When I ditched my life in San Diego to follow and pursue my dreams of being an actor, writer and comedian I had no idea what was ahead of me. When I look back now it is hard to believe I have done all that I have done. I am definitely grateful for the life I have lived and the opportunities I have had. It has been quite a ride and I look forward to what’s next. It’s also not lost on me how incredibly fortunate I am to have been able to fulfill on living this dream. Even if the dream isn’t complete…yet.
Not long after I moved here I was driving down Santa Monica Blvd. I was kind of freaking out. I was all alone here. I didn’t know many people in Los Angeles. In fact, when I moved here I had two friends who lived here and some family, who I never saw. So, here I am driving along and there are tons of people out. I think it was a Saturday. I almost felt like I could hear people talking. Not to belittle or diminish schizophrenics but I definitely felt like I was hearing voices. It certainly was an anxiety filled moment. I turned the radio on really loud and sang along to ease the ensuing panic. My heart was racing so I pulled into the first place I could find. It turned out to be the Hollywood Forever Cemetery. It’s a funny place for a cemetery. It’s right in the heart of things behind Paramount Studios. People like Jayne Mansfield and Rudolf Valentino are buried there. And, so are my great-grandparents. I am named for my great-grandfather Louis…who I never met. But somehow it seemed appropriate that in the middle of my lonely, anxiety, fraught freak-out I would end up at their grave site. They are interred in one of the Jewish mausoleums there. Is it odd to say that talking to a wall filled with dead people I have never met helped my loneliness and anxiety? Well, it did. I drove away from there feeling much, much better. Not to be overly dramatic and significant but it felt like the loneliness and the uncertainty lifted.
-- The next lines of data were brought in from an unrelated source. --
(* Let $N$ be a positive integer and let the mesh $\Omega_N=\{\theta_{N,i}:i=-N,\dots,N\}$ satisfy $\theta_{N,-i}=-\theta_{N,i}$ for $i=1,\dots,N$. For $\lambda\in\mathbb{C}$ let $p_N(\cdot;\lambda)$ be the polynomial of degree at most $2N$ satisfying $p_N(0;\lambda)=1$ and $p_N'(\theta_{N,i};\lambda)=\lambda\,p_N(\theta_{N,i};\lambda)$ for $i\in\{-N,\dots,N\}\setminus\{0\}$. Let $\xi>0$ be such that $\det(D^TD-\xi^2I)\ne0$, and let $\omega\in\mathbb{R}$ be such that $p_N(\cdot;j\omega)$ is uniquely defined and $j\omega I-A_0-\sum_{i=1}^mA_ip_N(-\tau_i;j\omega)$ is nonsingular, so that $G_N(j\omega)=C\left(j\omega I-A_0-\sum_{i=1}^m A_ip_N(-\tau_i;j\omega)\right)^{-1}B+D$ is defined. Then the matrix $\mathcal{L}_\xi^N$ has the eigenvalue $\lambda=j\omega$ if and only if $G_N(j\omega)$ has a singular value equal to $\xi$.
   Context: Let $n,m,n_u,n_y$ be positive integers, $A_0,\dots,A_m\in\mathbb{R}^{n\times n}$, $B\in\mathbb{R}^{n\times n_u}$, $C\in\mathbb{R}^{n_y\times n}$, $D\in\mathbb{R}^{n_y\times n_u}$, delays $\tau_1,\dots,\tau_m\ge0$, $\tau_{\max}=\max_i\tau_i>0$. For $\xi>0$ put $D_\xi=D^TD-\xi^2I_{n_u}$, $\tilde D_\xi=DD^T-\xi^2I_{n_y}$, and define $2n\times2n$ matrices $M_0=\begin{bmatrix} A_0-BD_\xi^{-1}D^TC & -BD_\xi^{-1}B^T\\ \xi^2 C^T\tilde D_\xi^{-1}C & -A_0^T+C^TDD_\xi^{-1}B^T\end{bmatrix}$, $M_i=\begin{bmatrix}A_i&0\\0&0\end{bmatrix}$, $M_{-i}=\begin{bmatrix}0&0\\0&-A_i^T\end{bmatrix}$, $1\le i\le m$. A mesh $\Omega_N$ consists of $2N+1$ points $-\tau_{\max}\le\theta_{N,-N}<\dots<\theta_{N,0}=0<\dots<\theta_{N,N}\le\tau_{\max}$. Let $X_N=(\mathbb{C}^{2n})^{2N+1}$ with elements $x=(x_{-N},\dots,x_N)$ and let $\mathcal{P}_Nx$ be the unique $\mathbb{C}^{2n}$-valued polynomial of degree $\le2N$ with $\mathcal{P}_Nx(\theta_{N,i})=x_i$. The matrix $\mathcal{L}_\xi^N:X_N\to X_N$ is defined by $(\mathcal{L}_\xi^Nx)_i=(\mathcal{P}_Nx)'(\theta_{N,i})$ for $i\neq0$ and $(\mathcal{L}_\xi^Nx)_0=M_0\mathcal{P}_Nx(0)+\sum_{i=1}^m\left(M_i\mathcal{P}_Nx(-\tau_i)+M_{-i}\mathcal{P}_Nx(\tau_i)\right)$. *)

(* Complex numbers: R[i] = complex R over an abstract real
   closed field R (the statement is purely algebraic). *)
From HB Require Import structures.
From mathcomp Require Import all_boot all_order all_algebra.
From mathcomp Require Import complex.
Set Implicit Arguments. Unset Strict Implicit. Unset Printing Implicit Defensive.
Import Order.TTheory GRing.Theory Num.Theory.
Local Open Scope ring_scope.

Section Defs.
Variable R : rcfType.
Local Notation C := R[i].
Local Notation toC := (real_complex R).

Definition Dxi (ny nu : nat) (D : 'M[R]_(ny, nu)) (xi : R) : 'M[R]_nu :=
  D^T *m D - (xi ^+ 2)%:M.
Definition tDxi (ny nu : nat) (D : 'M[R]_(ny, nu)) (xi : R) : 'M[R]_ny :=
  D *m D^T - (xi ^+ 2)%:M.

Definition Mzero (n nu ny : nat) (A0 : 'M[R]_n) (B : 'M[R]_(n, nu))
  (Cm : 'M[R]_(ny, n)) (D : 'M[R]_(ny, nu)) (xi : R) : 'M[R]_(n + n) :=
  let Di := invmx (Dxi D xi) in
  let tDi := invmx (tDxi D xi) in
  block_mx (A0 - B *m Di *m D^T *m Cm) (- (B *m Di *m B^T))
           ((xi ^+ 2) *: (Cm^T *m tDi *m Cm)) (- A0^T + Cm^T *m D *m Di *m B^T).

Definition Mplus (n : nat) (Ai : 'M[R]_n) : 'M[R]_(n + n) := block_mx Ai 0 0 0.
Definition Mminus (n : nat) (Ai : 'M[R]_n) : 'M[R]_(n + n) := block_mx 0 0 0 (- Ai^T).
When I got home I had a message on my answering machine. It was someone singing really loud to the song Who Will Save Your Soul by Jewel. I listened to it over and over again. How odd!! While I was at a cemetery someone left a message singing Who Will Save Your Soul. It must have been a sign. It must have been something supernatural! No. It was me. Yes, I had somehow called myself in the heat of the anxiety I was having and left myself a message of my very loud and out of tune rendition of Who Will Save Your Soul. Looking back, those voices I was hearing while driving was probably me on my outgoing message. It was a very funny moment in this journey. I guess the answer to the question of “Who Will Save Your Soul” (not really yours…) is and was ME. That is if you believe in that whole soul saving thing.
Today, the day after a great audition, rather than sulk all day and sit by the phone, I had to run errands. You know, life errands. Someone has to grocery shop and someone had to pay the storage rent. Ooh, me, let me do it! I had a hard time getting out of the house after having a hard time getting out of bed. Once showered and coffeed and having had a couple of long phone conversations and having checked my emails I set out for Hollywood. It has been a while since I stopped in to see my great-grandparents and I thought today would be a good day since it is on the way to my storage unit. Traffic was nuts so as I zipped by the cemetery I saw they were shooting Dexter there. How do I know? The tell-tale bright yellow signs with “Dexter” printed on them indicating that Dexter was shooting there. After paying my storage bill I was able to pull into the cemetery on my way back. A guard stopped me. I explained I was going to see my great-grandparents and pointed to the mausoleum where they are interred. It was on the opposite end of the cemetery from where they were shooting. Truly, the last thing I wanted is to be in the way of one of the greatest shows on television. The writing and the acting on that show is like going to school for me! The guard told me where I could park. As I was driving over another guard stopped me. There was no where to park after all. And, again, the last thing I wanted was to be in the way. So, I told the guy, “No problem. They’re dead…I can come back another time.” He was very sweet saying something like “it’s the thought that counts” or something gushy.
So, now what? Well, I continue to look for work. I continue to write…I have some new ideas. I heard from the producer we are doing another staged reading of the play I am in. There is a lot to do to fill a day and I never seem to get it all done. In the immediate future, I will cook dinner. Really, my life is very exciting.